United States Senator from Tennessee
- In office March 4, 1851 – March 3, 1857
- Preceded by: Hopkins L. Turney
- Succeeded by: Andrew Johnson

Personal details
- Born: April 20, 1809 Davidson County, Tennessee, U.S.
- Died: October 29, 1859 (aged 50) Memphis, Tennessee, U.S.
- Resting place: Elmwood Cemetery Memphis, Tennessee, U.S.
- Party: Whig (until 1854) Democrat (1854–1859)
- Spouse: Sarah Munford ​(m. 1829)​
- Profession: Politician; farmer;

= James C. Jones =

American politician (1809–1859)

James Chamberlain Jones (April 20, 1809 – October 29, 1859) was an American politician who served as the tenth governor of Tennessee from 1841 to 1845, and as a United States senator from Tennessee from 1851 to 1857. A Whig, Jones twice defeated future U.S. President James K. Polk for the governorship, in 1841 and 1843. He was the first native-born Tennessean to be elected governor of the state.

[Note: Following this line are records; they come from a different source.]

Lemma commut_sq I J : cplx_mx I -> cplx_mx J ->
  (forall i j, (i < 4)%nat -> (j < 4)%nat -> comp I J i j + comp J I i j = 2 * angle_mx I J * delta i j) ->
  forall i j, (i < 4)%nat -> (j < 4)%nat ->
  comp (commut I J) (commut I J) i j = 4 * (angle_mx I J ^ 2 - 1) * delta i j.
Proof.
  intros HI HJ HS.
  assert (HeS : forall i j, (i < 4)%nat -> (j < 4)%nat -> anticomm_defect I J i j = 0).
  { intros i j Hi Hj; unfold anticomm_defect; rewrite HS by auto; ring. }
  intros i j Hi Hj.
  set (p := angle_mx I J).
  assert (E : comp (commut I J) (commut I J) i j - 4 * (p ^ 2 - 1) * delta i j =
    4 * sum4 (fun k => I i k * sum4 (fun l => anticomm_defect I J k l * J l j))
    - 4 * sum4 (fun k => cplx_defect I i k * cplx_defect J k j) + 4 * cplx_defect I i j
    + 4 * cplx_defect J i j - 2 * sum4 (fun k => comp I J i k * anticomm_defect I J k j)
    + 4 * p * anticomm_defect I J i j - 2 * sum4 (fun k => anticomm_defect I J i k * comp I J k j)
    + sum4 (fun k => anticomm_defect I J i k * anticomm_defect I J k j)).
  { unfold anticomm_defect, cplx_defect. fold p.
    case4 i; case4 j; unfold commut, comp, sum4, delta; simpl; ring. }
  rewrite !(sum4_eq0 (fun k => _ * anticomm_defect I J k j)) in E by (intros; rewrite HeS by auto; ring).
  rewrite !(sum4_eq0 (fun k => anticomm_defect I J i k * _)) in E by (intros; rewrite HeS by auto; ring).
  rewrite (sum4_eq0 (fun k => I i k * _)) in E.
  2:{ intros k Hk. apply Rmult_eq_0_compat_l, sum4_eq0. intros; rewrite HeS by auto; ring. }
  rewrite (sum4_eq0 (fun k => cplx_defect I i k * _)) in E by (intros; rewrite cplx_defect0 by auto; ring).
  rewrite (cplx_defect0 I), (cplx_defect0 J), (HeS i j) in E by auto. lra.
Qed.

(* For [p^2 = 1], the first column of [[I,J]] would lie in the kernel of [[I,J]]. *)
Lemma angle_sq_neq1 I J : nondeg_mx I J ->
  (forall i j, (i < 4)%nat -> (j < 4)%nat ->
     comp (commut I J) (commut I J) i j = 4 * (angle_mx I J ^ 2 - 1) * delta i j) ->
  angle_mx I J ^ 2 - 1 <> 0.
Proof.
  intros Hnd HC Hp. apply (nondeg_mx_commut_col0 I J Hnd).
  apply (Hnd (fun j => commut I J j 0%nat)). intros i Hi.
  fold (comp (commut I J) (commut I J) i 0%nat). rewrite HC by (auto; lia). rewrite Hp. ring.
Qed.

(** * First-order jets and Gray's formula for the covariant derivative of the Kähler form *)

(* [dA l i j] stands for the derivative of [A i j] in direction [l].  The derivative of
   the metric enters only through its symmetrization [jet_sym], so no symmetry of [dg]
   has to be assumed. *)
Definition Jet := nat -> Mat.

Definition jet_sym (dg : Jet) : Jet := fun l i j => / 2 * (dg l i j + dg l j i).

Definition christoffel (dg : Jet) m l b :=
  / 2 * (jet_sym dg l m b + jet_sym dg b m l - jet_sym dg m l b).

Definition djet_form (g I : Mat) (dg dI : Jet) : Jet := fun l b c =>
  sum4 (fun k => jet_sym dg l b k * I k c + g b k * dI l k c).

Definition nabla_form (g I : Mat) (dg dI : Jet) : Jet := fun l b c =>
  djet_form g I dg dI l b c - sum4 (fun m => christoffel dg m l b * I m c)
  + sum4 (fun m => christoffel dg m l c * I m b).

Definition ext_d (dw : Jet) i j k := dw i j k - dw j i k + dw k i j.

Definition cyc_sum (A : Jet) i j k := A i j k + A j k i + A k i j.

Definition skew_jet (A : Jet) :=
  forall l b c, (l < 4)%nat -> (b < 4)%nat -> (c < 4)%nat -> A l b c = - A l c b.

Definition act_pair (I : Mat) (A : Jet) l b c :=
  sum4 (fun m => sum4 (fun n => I m b * I n c * A l m n)).

Definition gray_proj (X : Mat) (h : Jet) l b c := / 2 * (h l b c - act_pair X h l b c).

Definition djet_cplx_defect (I : Mat) (dI : Jet) l i j :=
  sum4 (fun k => dI l i k * I k j + I i k * dI l k j).

Definition djet_herm_defect (g I : Mat) (dg dI : Jet) l i j :=
  sum4 (fun k => sum4 (fun m => dI l k i * I m j * g k m + I k i * dI l m j * g k m
                                + I k i * I m j * jet_sym dg l k m)) - jet_sym dg l i j.

Definition nijenhuis_jet (I : Mat) (dI : Jet) i j k :=
  sum4 (fun l => I l i * dI l k j - I l j * dI l k i - I k l * (dI i l j - dI j l i)).

(* The first-order consequences of [I^2 = -1], [g(I.,I.) = g] and [N_I = 0] at a point. *)
Record herm_jet (g I : Mat) (dg dI : Jet) : Prop := {
  hj_cplx : forall l i j, (l < 4)%nat -> (i < 4)%nat -> (j < 4)%nat ->
    djet_cplx_defect I dI l i j = 0;
  hj_herm : forall l i j, (l < 4)%nat -> (i < 4)%nat -> (j < 4)%nat ->
    djet_herm_defect g I dg dI l i j = 0;
  hj_integrable : forall i j k, (i < 4)%nat -> (j < 4)%nat -> (k < 4)%nat ->
    nijenhuis_jet I dI i j k = 0 }.

Lemma Rplus_eq0 a b : a = 0 -> b = 0 -> a + b = 0. Proof. intros -> ->; ring. Qed.
Lemma Rminus_eq0 a b : a = 0 -> b = 0 -> a - b = 0. Proof. intros -> ->; ring. Qed.

Ltac split_eq0 :=
  repeat match goal with
  | |- _ + _ = 0 => apply Rplus_eq0
  | |- _ - _ = 0 => apply Rminus_eq0
  end.

Section HermitianJet.

Variables (g I : Mat) (dg dI : Jet).
Hypotheses (Hg : sym_mx g) (HI : cplx_mx I) (HH : herm_mx g I) (HJ : herm_jet g I dg dI).

Lemma djet_form_skew : skew_jet (djet_form g I dg dI).
Proof.
  intros l b c Hl Hb Hc.
  enough (djet_form g I dg dI l b c + djet_form g I dg dI l c b = 0) by lra.
  transitivity (
    sum4 (fun k => dI l k b * (sum4 (fun m => g k m * comp I I m c) + g k c))
    + sum4 (fun k => I k b * (sum4 (fun m => jet_sym dg l k m * comp I I m c) + jet_sym dg l k c))
    + sum4 (fun k => I k b * sum4 (fun m => g k m * djet_cplx_defect I dI l m c))
    - sum4 (fun k => djet_herm_defect g I dg dI l b k * I k c)
    - sum4 (fun k => herm_defect g I b k * dI l k c)
    + sum4 (fun k => dI l k b * (g c k - g k c))).
  { unfold djet_form, djet_cplx_defect, djet_herm_defect, herm_defect, jet_sym, comp, sum4. ring. }
  split_eq0; apply sum4_eq0; intros k Hk.
  - apply Rmult_eq_0_compat_l, (sum4_comp_cplx I HI (fun m => g k m)); auto.
  - apply Rmult_eq_0_compat_l, (sum4_comp_cplx I HI (fun m => jet_sym dg l k m)); auto.
  - apply Rmult_eq_0_compat_l, sum4_eq0; intros m Hm; apply Rmult_eq_0_compat_l, (hj_cplx _ _ _ _ HJ); auto.
  - apply Rmult_eq_0_compat_r, (hj_herm _ _ _ _ HJ); auto.
  - apply Rmult_eq_0_compat_r, herm_defect0; auto.
  - apply Rmult_eq_0_compat_l; rewrite Hg by auto; ring.
Qed.

Lemma nabla_form_skew : skew_jet (nabla_form g I dg dI).
Proof.
  intros l b c Hl Hb Hc.
  assert (E : nabla_form g I dg dI l b c + nabla_form g I dg dI l c b
              = djet_form g I dg dI l b c + djet_form g I dg dI l c b) by (unfold nabla_form; ring).
  rewrite djet_form_skew in E by auto. lra.
Qed.

(* Torsion-freeness of the Levi-Civita connection. *)
Lemma ext_d_nabla_form l b c : (l < 4)%nat -> (b < 4)%nat -> (c < 4)%nat ->
  ext_d (djet_form g I dg dI) l b c = cyc_sum (nabla_form g I dg dI) l b c.
Proof.
  intros Hl Hb Hc.
  assert (E : ext_d (djet_form g I dg dI) l b c = cyc_sum (nabla_form g I dg dI) l b c
             - (djet_form g I dg dI b l c + djet_form g I dg dI b c l)).
  { unfold ext_d, cyc_sum, nabla_form, christoffel, jet_sym, sum4. ring. }
  rewrite (djet_form_skew b l c) in E by auto. lra.
Qed.

Lemma nabla_form_act_pair l b c : (l < 4)%nat -> (b < 4)%nat -> (c < 4)%nat ->
  act_pair I (nabla_form g I dg dI) l b c = - nabla_form g I dg dI l b c.
Proof.
  intros Hl Hb Hc.
  enough (act_pair I (nabla_form g I dg dI) l b c + nabla_form g I dg dI l b c = 0) by lra.
  transitivity (
     sum4 (fun k => I k b * sum4 (fun m => g k m * djet_cplx_defect I dI l m c))
     - sum4 (fun k => herm_defect g I b k * dI l k c)
     + sum4 (fun k => I k b * (sum4 (fun m => christoffel dg k l m * comp I I m c) + christoffel dg k l c))
     + sum4 (fun m => I m c * (sum4 (fun k => christoffel dg k l m * comp I I k b) + christoffel dg b l m))).
  { unfold act_pair, nabla_form, djet_form, djet_cplx_defect, herm_defect, christoffel, jet_sym,
      comp, sum4. field. }
  split_eq0; apply sum4_eq0; intros k Hk.
  - apply Rmult_eq_0_compat_l, sum4_eq0; intros m Hm; apply Rmult_eq_0_compat_l, (hj_cplx _ _ _ _ HJ); auto.
  - apply Rmult_eq_0_compat_r, herm_defect0; auto.
  - apply Rmult_eq_0_compat_l, (sum4_comp_cplx I HI (fun m => christoffel dg k l m)); auto.
  - apply Rmult_eq_0_compat_l, (sum4_comp_cplx I HI (fun m => christoffel dg m l k)); auto.
Qed.

Definition nabla_nijenhuis (A : Jet) a b c :=
  sum4 (fun l => I l b * A l a c) - sum4 (fun l => I l c * A l a b)
  + sum4 (fun m => A b a m * I m c) - sum4 (fun m => A c a m * I m b).

Lemma nabla_nijenhuis0 a b c : (a < 4)%nat -> (b < 4)%nat -> (c < 4)%nat ->
  nabla_nijenhuis (nabla_form g I dg dI) a b c = 0.
Proof.
  intros Ha Hb Hc.
  assert (E : sum4 (fun k => g a k * nijenhuis_jet I dI b c k)
     = nabla_nijenhuis (nabla_form g I dg dI) a b c
     - sum4 (fun k => g a k * djet_cplx_defect I dI b k c)
     + sum4 (fun k => g a k * djet_cplx_defect I dI c k b)
     - (sum4 (fun k => christoffel dg a b k * comp I I k c) + christoffel dg a b c)
     + (sum4 (fun k => christoffel dg a c k * comp I I k b) + christoffel dg a c b)).
  { unfold nabla_nijenhuis, nijenhuis_jet, nabla_form, djet_form, djet_cplx_defect, christoffel,
      jet_sym, comp, sum4. field. }
  rewrite !sum4_eq0 in E by (intros; apply Rmult_eq_0_compat_l;
                             first [apply (hj_integrable _ _ _ _ HJ) | apply (hj_cplx _ _ _ _ HJ)]; auto).
  rewrite (sum4_comp_cplx I HI (fun k => christoffel dg a b k) c Hc) in E.
  rewrite (sum4_comp_cplx I HI (fun k => christoffel dg a c k) b Hb) in E.
  lra.
Qed.

Lemma gray_identity (A : Jet) X Y Z :
  2 * A X Y Z - cyc_sum A X Y Z + act_pair I (fun l m n => cyc_sum A l m n) X Y Z =
  (A X Y Z + act_pair I A X Y Z) - sum4 (fun n => I n Z * nabla_nijenhuis A X Y n)
  + sum4 (fun l => sum4 (fun n => I l Y * I n Z * (A l X n + A l n X)))
  - (sum4 (fun l => A l X Y * comp I I l Z) + A Z X Y)
  + (sum4 (fun m => A Y X m * comp I I m Z) + A Y X Z)
  - (A Y X Z + A Y Z X).
Proof. unfold cyc_sum, act_pair, nabla_nijenhuis, comp, sum4. ring. Qed.

(* Gray: on a Hermitian manifold [2 nabla w] is the (2,1)+(1,2) part of [d w]. *)
Lemma nabla_form_gray l b c : (l < 4)%nat -> (b < 4)%nat -> (c < 4)%nat ->
  nabla_form g I dg dI l b c = gray_proj I (ext_d (djet_form g I dg dI)) l b c.
Proof.
  intros Hl Hb Hc.
  set (A := nabla_form g I dg dI).
  pose proof (gray_identity A l b c) as E.
  rewrite nabla_form_act_pair in E by auto.
  rewrite (sum4_eq0 (fun n => I n c * nabla_nijenhuis A l b n)) in E
    by (intros; apply Rmult_eq_0_compat_l, nabla_nijenhuis0; auto).
  rewrite (sum4_eq0 (fun l0 => sum4 (fun n => I l0 b * I n c * (A l0 l n + A l0 n l)))) in E.
  2:{ intros m Hm. apply sum4_eq0. intros n Hn. apply Rmult_eq_0_compat_l.
      unfold A. rewrite (nabla_form_skew m l n) by auto. ring. }
  rewrite (sum4_comp_cplx I HI (fun m => A m l b) c Hc) in E.
  rewrite (sum4_comp_cplx I HI (fun m => A b l m) c Hc) in E.
  unfold A in E. rewrite (nabla_form_skew b l c) in E by auto.
  unfold gray_proj, act_pair. rewrite ext_d_nabla_form by auto.
  rewrite (sum4_ext (fun m => sum4 (fun n => I m b * I n c * ext_d (djet_form g I dg dI) l m n))
                    (fun m => sum4 (fun n => I m b * I n c * cyc_sum A l m n))).
  2:{ intros m Hm. apply sum4_ext. intros n Hn. rewrite ext_d_nabla_form by auto. reflexivity. }
  unfold act_pair in E; fold A in E |- *. lra.
Qed.

End HermitianJet.

(** * Forms of the shape theta /\ w *)

Definition wedge11 (a b : Vec) : Mat := fun i j => a i * b j - a j * b i.
Definition wedge12m (t : Vec) (w : Mat) : Jet := fun i j k => t i * w j k + t j * w k i + t k * w i j.
Definition vec_act (t : Vec) (X : Mat) : Vec := fun i => sum4 (fun k => t k * X k i).
Definition act2m (X w : Mat) : Mat := fun i j => sum4 (fun k => sum4 (fun l => X k i * X l j * w k l)).
Definition act3m (X : Mat) (h : Jet) : Jet := fun a b c =>
  sum4 (fun k => sum4 (fun l => sum4 (fun m => X k a * X l b * X m c * h k l m))).

(* [wedge_dual a w] determines [a /\ w] for skew [w] (it is the contraction of [*(a /\ w)]). *)
Definition wedge_dual (a : Vec) (w : Mat) : Vec := fun l => sum4 (fun m => a m * pfaff_adj w m l).

Lemma pfaff_polar_wedge (a b : Vec) (w : Mat) :
  pfaff_polar (wedge11 a b) w = sum4 (fun i => sum4 (fun j => a i * pfaff_adj w i j * b j)).
Proof. unfold pfaff_polar, wedge11, sum4, pfaff_adj. simpl. ring. Qed.

Lemma pfaff_polar_eq_l v v' w : mx_eq v v' -> pfaff_polar v w = pfaff_polar v' w.
Proof. intros H. unfold pfaff_polar. rewrite !H by lia. ring. Qed.

Lemma pfaff_polar_add_l v w u :
  pfaff_polar (fun b c => v b c + w b c) u = pfaff_polar v u + pfaff_polar w u.
Proof. unfold pfaff_polar; ring. Qed.

Lemma vec_act_cplx X (t : Vec) : cplx_mx X -> forall i, (i < 4)%nat -> vec_act (vec_act t X) X i = - t i.
Proof.
  intros HX i Hi.
  transitivity (sum4 (fun k => t k * comp X X k i)); [unfold vec_act, comp, sum4; ring|].
  pose proof (sum4_comp_cplx X HX t i Hi). lra.
Qed.

Lemma act3m_wedge X t w a b c :
  act3m X (wedge12m t w) a b c = wedge12m (vec_act t X) (act2m X w) a b c.
Proof. unfold act3m, wedge12m, vec_act, act2m, sum4. ring. Qed.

Jones's first gubernatorial term was marked by gridlock with the state senate, which was led by a group of Democratic senators known as the "Immortal Thirteen." His second term was more productive, as his fellow Whigs controlled both houses of the legislature. Though he later joined the Democratic Party, Jones's speaking skills and campaign style helped to solidify Tennessee's Whigs as one of the strongest Whig movements in the South.

==Early life==
A thin man whose nickname was "Lean Jimmy" (he stood 6'2" but weighed only 125 pounds), Jones was born in Davidson County, Tennessee, the son of Peter and Catherine Chappell Jones. His parents died when he was still young, and he was raised by an uncle in Wilson County. He occasionally attended public schools. After marrying Sarah Munford in 1829, he purchased a farm near Lebanon, Tennessee.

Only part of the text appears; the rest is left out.